COHU is overvalued based on current fundamentals but may be fairly valued if future estimates are met. On trailing metrics, it is deeply overvalued with a negative P/E (-14.8) and a high P/CF of 34.6. The forward P/E of 36.6x is a premium valuation that implies strong confidence in a profit turnaround to an EPS of $2.02. Compared to its own history, trading at 92% of its 52-week high suggests it is at the upper end of its valuation range. The market is clearly valuing future growth over present reality, making it vulnerable to multiple compression if growth disappoints.

COHU is a speculative buy, not a good buy for most investors. At its current price of $45.59, the stock has already surged 183.7% in a year, pricing in a significant earnings recovery. The forward P/E of 36.6x is a premium multiple that leaves little margin for error. It could be a good buy for a very risk-tolerant investor who believes the AI equipment cycle will accelerate and that COHU will definitively return to profitability, but the asymmetric risk is skewed to the downside. A more attractive entry would be after a significant pullback.

COHU is not suitable for traditional long-term "buy and hold" investing due to its high volatility, lack of profitability, and speculative nature. It is more appropriate for tactical, shorter-term trading around thematic trends and earnings events.

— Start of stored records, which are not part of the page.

Lemma tutte_condition_of_degree_bound : ~~ odd #|V| -> tutte_condition e.
Proof.
move=> evenV X P PP trivP.
pose inS := [set C : {set V} | C \subset S].
have trivP0 := trivIsetS (subsetIl P inS) trivP.
have card_P0 : #|P :&: inS| <= #|X|.
  apply: card_odd_sets_in_le trivP0 => C.
  by rewrite !inE => /andP[/PP [oddC disjC sepC] CS].
have card_P1 : #|P :\: inS| <= 1 := card_odd_sets_out_le1 PP trivP.
rewrite leqNgt; apply/negP => lt_XP.
have [card_P0E card_P1E] : #|P :&: inS| = #|X| /\ #|P :\: inS| = 1.
  move: lt_XP card_P0 card_P1; rewrite -(cardsID inS P).
  by move: #|P :&: inS| #|P :\: inS| => a b; lia.
have [Cs] : exists Cs, Cs \in P :\: inS by apply/card_gt0P; rewrite card_P1E.
rewrite !inE => /andP[CsS CsP].
pose R := ~: (X :|: cover P).
have odd_R : odd #|R|.
  rewrite (odd_card_remainder PP trivP) (negbTE evenV) -(cardsID inS P) card_P0E card_P1E.
  by rewrite addn1 oddS addbN addbb.
have [disjRX sepR] := remainder_sep PP.
have R_P0 : R \notin P :&: inS.
  have [u uR] : exists u, u \in R by apply/card_gt0P; apply: odd_gt0.
  apply/negP => /setIP [RP _]; have := remainder_disjoint X RP.
  by rewrite -setI_eq0 setIid => /eqP R0; move: uR; rewrite /R R0 inE.
suff : #|R |: (P :&: inS)| <= #|X| by rewrite cardsU1 R_P0 card_P0E ltnn.
apply: card_odd_sets_in_le => [C|].
  case/setU1P => [->|/setIP [/PP [? ? ?]]]; rewrite ?inE //.
  split=> //; exact: (remainder_sub PP CsP CsS).
have set0_P0 : set0 \notin P :&: inS by apply/negP => /setIP [/PP []]; rewrite cards0.
have disjR C : C \in P :&: inS -> [disjoint R & C] by case/setIP => /(remainder_disjoint X).
by have [] := trivIsetU1 disjR trivP0 set0_P0.
Qed.

End TutteCriterion.

(** * The doubled graph *)

Lemma matching_of_partner (T : finType) (e : rel T) (K : {set T}) (f : T -> T) :
  (forall x, x \in K -> e x (f x) /\ f (f x) = x) ->
  matching e [set [set x; f x] | x in K] /\ saturates [set [set x; f x] | x in K] K.
Proof.
move=> fK; split; last by move=> x xK; exists [set x; f x]; [apply: imset_f | apply: set21].
split=> [_ /imsetP [x xK ->]|_ _ /imsetP [x xK ->] /imsetP [y yK ->] neq_xy].
  by exists x, (f x); case: (fK x xK).
have [_ fxK] := fK x xK; have [_ fyK] := fK y yK.
rewrite -setI_eq0; apply/eqP/setP => z; rewrite in_setI in_set0.
apply: contraNF neq_xy => /andP[/set2P zx /set2P zy].
suff [-> // | ->] : x = y \/ x = f y by rewrite fyK setUC.
case: zx zy => -> [] E; [left | right | right | left] => //.
  by rewrite -E fxK.
by rewrite -fxK E fyK.
Qed.

Section DoubledGraph.
Variables (T : finType) (e : rel T) (K : {set T}).
Hypotheses (esym : symmetric e) (eirr : irreflexive e).

Definition double_graph : rel (bool * T) :=
  fun u v => ((u.1 == v.1) && e u.2 v.2) || [&& u.2 \notin K, v.2 \notin K & u != v].

Definition double_core := [set u : bool * T | u.2 \in K].

Lemma double_graph_sym : symmetric double_graph.
Proof.
move=> u v; rewrite /double_graph; congr (_ || _); first by rewrite eq_sym esym.
by rewrite andbCA eq_sym.
Qed.

Lemma double_graph_irr : irreflexive double_graph.
Proof. by move=> u; rewrite /double_graph eirr !eqxx /= !andbF. Qed.

Lemma double_graph_core u v :
  v \in double_core -> double_graph u v = (u.1 == v.1) && e u.2 v.2.
Proof. by rewrite inE /double_graph => ->; rewrite andbF orbF. Qed.

Lemma double_core_nbhd u :
  double_core :&: nbhd double_graph u \subset [set (u.1, y) | y in nbhd e u.2].
Proof.
apply/subsetP => -[b y]; rewrite !inE => /andP[vK].
rewrite double_graph_core ?inE // => /andP[/eqP /= <- euy].
by apply: imset_f; rewrite inE.
Qed.

Lemma nbhd_double_core u :
  u \in double_core -> nbhd double_graph u = [set (u.1, y) | y in nbhd e u.2].
Proof.
move=> uK; apply/setP => -[b y]; rewrite inE double_graph_sym double_graph_core //.
rewrite /=; apply/andP/imsetP => [[/eqP <- eyu]|[z]].
  by exists y; rewrite // inE esym.
by rewrite inE => euz [-> ->]; rewrite eqxx esym.
Qed.

Lemma double_graph_clique : clique double_graph (~: double_core).
Proof.
by move=> u v; rewrite !inE => uK vK neq_uv; rewrite /double_graph uK vK neq_uv orbT.
Qed.

End DoubledGraph.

Given its high beta (implied by its massive outperformance of the SPY) and zero dividend yield, it offers no stability for income investors. A suggested minimum holding period does not apply; this is a trading vehicle for those monitoring the semiconductor cycle closely. Investors should have a defined exit strategy based on technical levels or specific fundamental milestones.